Figure 1: Using mercury passive air samplers (MerPAS) to measure gaseous elemental mercury concentrations in and around both ASGM site and farming areas
For decades, scientists have assumed that mercury enters food crops primarily via the roots, after leaching into the soil or water. But this new research, using sophisticated mercury stable isotope analyses, reveals a very different mechanism at work. Most of the mercury found in plant tissues came from the atmosphere, taken up through leaves during photosynthesis. In short: plants are breathing in mercury. David McLagan states that:
“Mercury uptake by plants from air represents the largest sink of mercury from air to terrestrial [land and freshwater] systems. While this critical ecosystem service helps reduce the amount of mercury being globally redistributed through the atmosphere, it raises human health concerns when it is staple crops that are the mechanism stripping the air of mercury.”

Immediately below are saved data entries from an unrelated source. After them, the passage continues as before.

(* Let $A$ be an associative ring, $n\ge2$, $1\le k\le n-1$, $a\in A$. For any $\omega\in Br_n$ (viewed in $Br_n(A)$ via $y_i\mapsto y_i^0$), the element $\omega\, y_k^a (y_k^0)^{-1}\omega^{-1}\in Br_n(A)$ depends only on the image $\bar\omega$ of $\omega$ in $\mathcal S_n$. Moreover, if $\bar\omega(j)=k$ and $\bar\omega(j+1)=k+1$, then $\omega\, y_k^a (y_k^0)^{-1}\omega^{-1} = y_j^a (y_j^0)^{-1}$.
   Context: $Br_n(A)$ is the group generated by $y_i^a$, $1\le i\le n-1$, $a\in A$, with relations for all $a,b,c\in A$: $y_i^a y_i^0 y_i^b = y_i^0 y_i^0 y_i^{a+b}$; $y_i^a y_j^b = y_j^b y_i^a$ if $|i-j|\ge 2$; $y_i^a y_{i+1}^b y_i^c = y_{i+1}^c y_i^{b+ac} y_{i+1}^a$. $Br_n$ is the Artin braid group (generators $y_i$, relations $y_iy_j=y_jy_i$ for $|i-j|\ge 2$, $y_iy_{i+1}y_i=y_{i+1}y_iy_{i+1}$), identified with the subgroup of $Br_n(A)$ generated by the $y_i^0$; $\bar\omega$ denotes the image of $\omega$ under the surjection $Br_n\to\mathcal S_n$, $y_i\mapsto(i\ i+1)$. *)

From mathcomp Require Import all_boot all_order all_algebra.
Set Implicit Arguments. Unset Strict Implicit. Unset Printing Implicit Defensive.
Import GRing.Theory.
Local Open Scope ring_scope.

(* A letter of a word in the generators of Br_n(A):
   (i, a, false) is y_i^a and (i, a, true) is (y_i^a)^{-1}.  Indices are 1-based. *)
Definition letter (A : Type) := (nat * A * bool)%type.
Definition word (A : Type) := seq (letter A).

Definition inv_letter (A : Type) (l : letter A) : letter A :=
  let: (i, a, e) := l in (i, a, ~~ e).
Definition inv_word (A : Type) (w : word A) : word A := rev (map (@inv_letter A) w).

Definition y (A : Type) (i : nat) (a : A) : letter A := (i, a, false).
Definition yinv (A : Type) (i : nat) (a : A) : letter A := (i, a, true).

Definition gen_ok (n i : nat) : bool := (1 <= i <= n.-1)%N.

(* Equality in the group Br_n(A) presented by generators y_i^a (1 <= i <= n-1,
   a in A) and the relations of the paper: the smallest congruence on words
   containing free cancellation and the defining relations. *)
Inductive breq (A : pzRingType) (n : nat) : word A -> word A -> Prop :=
| breq_refl w : breq n w w
| breq_sym u v : breq n u v -> breq n v u
| breq_trans u v w : breq n u v -> breq n v w -> breq n u w
| breq_cat u u' v v' : breq n u u' -> breq n v v' -> breq n (u ++ v) (u' ++ v')
| breq_invr i a : gen_ok n i -> breq n [:: y i a; yinv i a] [::]
| breq_invl i a : gen_ok n i -> breq n [:: yinv i a; y i a] [::]
| breq_rel1 i a b : gen_ok n i ->
    breq n [:: y i a; y i 0; y i b] [:: y i 0; y i 0; y i (a + b)]
| breq_rel2 i j a b : gen_ok n i -> gen_ok n j -> (2 <= `|(i%:Z - j%:Z)|)%N ->
    breq n [:: y i a; y j b] [:: y j b; y i a]
| breq_rel3 i a b c : gen_ok n i -> gen_ok n i.+1 ->
    breq n [:: y i a; y i.+1 b; y i c] [:: y i.+1 c; y i (b + a * c); y i.+1 a].

(* Words in the Artin generators of Br_n: (i, false) is y_i, (i, true) is y_i^{-1}. *)
Definition bword := seq (nat * bool).
Definition bword_ok (n : nat) (w : bword) : bool := all (fun l => gen_ok n l.1) w.

Definition emb (A : pzRingType) (w : bword) : word A :=
  map (fun l => (l.1, 0 : A, l.2)) w.

Definition swap (i x : nat) : nat :=
  if x == i then i.+1 else if x == i.+1 then i else x.

(* The image \bar\omega in S_n, as a map on {1..n}: the image of y_i is (i i+1),
   and products follow the convention (s t)(x) = t (s x) (as for mathcomp perms),
   i.e. the word y_{i1} ... y_{ir} acts by applying (i1 i1+1) first. *)
Definition bar (w : bword) : nat -> nat :=
  foldl (fun f l => fun x => swap l.1 (f x)) id w.

Definition conjk (A : pzRingType) (w : bword) (k : nat) (a : A) : word A :=
  emb A w ++ [:: y k a; yinv k 0] ++ inv_word (emb A w).
Arguments emb A w : clear implicits.
Arguments conjk A w k a : clear implicits.

(* Write s_i := y_i^0 and x_i := y_i^a (y_i^0)^-1, and conjugate on the right,
   u ^ g = g^-1 u g.  For distinct p, q in {1, ..., n} put
     phi p q := x_p ^ (s_(p+1) ... s_(q-1))     if p < q,
     phi p q := x_q ^ (s_q s_(q+1) ... s_(p-1))  if q < p,
   so that phi k (k+1) = x_k.  The defining relations for adjacent indices show that
   conjugation by s_i acts on phi through the transposition (i i+1) applied to both
   arguments.  Hence omega x_k omega^-1 = phi p q, where (p, q) is the preimage of
   (k, k+1) under the permutation of omega: it depends only on that permutation, and
   it is x_j when (p, q) = (j, j+1).  This is checked in any group containing elements
   that satisfy the relations, and applied to Br_n(A) realised as the group of
   breq-classes of words. *)

From HB Require Import structures.
From mathcomp Require Import all_boot all_order all_algebra zify boolp.
Set Implicit Arguments. Unset Strict Implicit. Unset Printing Implicit Defensive.
Import GRing.Theory.

Ltac gen_lia := unfold gen_ok in *; lia.

Section ConjugationFacts.
Variable G : groupType.
Local Open Scope group_scope.
Implicit Types g h u v w : G.

Lemma conjg_mul_eq u g v : u * g = g * v -> u ^ g = v.
Proof. by move=> e; apply: (mulgI g); rewrite -conjgC. Qed.

Lemma conjg_commute u g : commute u g -> u ^ g = u.
Proof. by move/commgP/conjg_fixP. Qed.

Lemma conjg_swap u g h : commute g h -> (u ^ g) ^ h = (u ^ h) ^ g.
Proof. by move=> gh; rewrite -!conjgM gh. Qed.

Lemma conjg_fixV u g : u ^ g = u -> u ^ g^-1 = u.
Proof. by move=> ug; rewrite -{1}ug conjgK. Qed.

Lemma braid_mul_sqr g h : g * h * g = h * g * h -> g * (h * h) = h^-1 * (g * g) * h * g.
Proof.
move=> e; apply: (mulgI h); rewrite !mulgA mulgV mul1g -e.
by rewrite -!mulgA [g * (h * g)]mulgA e !mulgA.
Qed.

Lemma braid_conj_sqr u g h : g * h * g = h * g * h ->
  u ^ h = u -> u ^ (g * g) = u -> (u ^ g) ^ (h * h) = u ^ g.
Proof.
by move=> e uh ugg; rewrite -conjgM braid_mul_sqr // 3!conjgM conjg_fixV // ugg uh.
Qed.

Lemma braid_conj_fix u g h : g * h * g = h * g * h -> u ^ h = u ->
  ((u ^ g) ^ h) ^ g = (u ^ g) ^ h.
Proof. by move=> e uh; rewrite -!conjgM mulgA e !conjgM uh. Qed.

End ConjugationFacts.

Lemma swapK i : involutive (swap i).
Proof. by move=> p; rewrite /swap; do 4?case: eqP => //=; lia. Qed.

Lemma swap_id i p : p != i -> p != i.+1 -> swap i p = p.
Proof. by rewrite /swap => /negbTE -> /negbTE ->. Qed.

Lemma swap_l i : swap i i = i.+1.
Proof. by rewrite /swap eqxx. Qed.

The research team found that leafy plant parts, which are often consumed by humans and livestock, retained the highest mercury concentrations. Edible, non-leafy parts of the plants, like cassava roots or maize kernels, had lower concentrations yet still showed significant contamination. While levels remained below international mercury consumption thresholds, the authors warn that there could still be health concerns when consuming mercury contaminated crops near ASGM sites as international standards employed conservative crop consumption rates, and that even greater contamination of air, soils, and crops have been observed in other studies. This is especially relevant in communities dependent on local agriculture for survival.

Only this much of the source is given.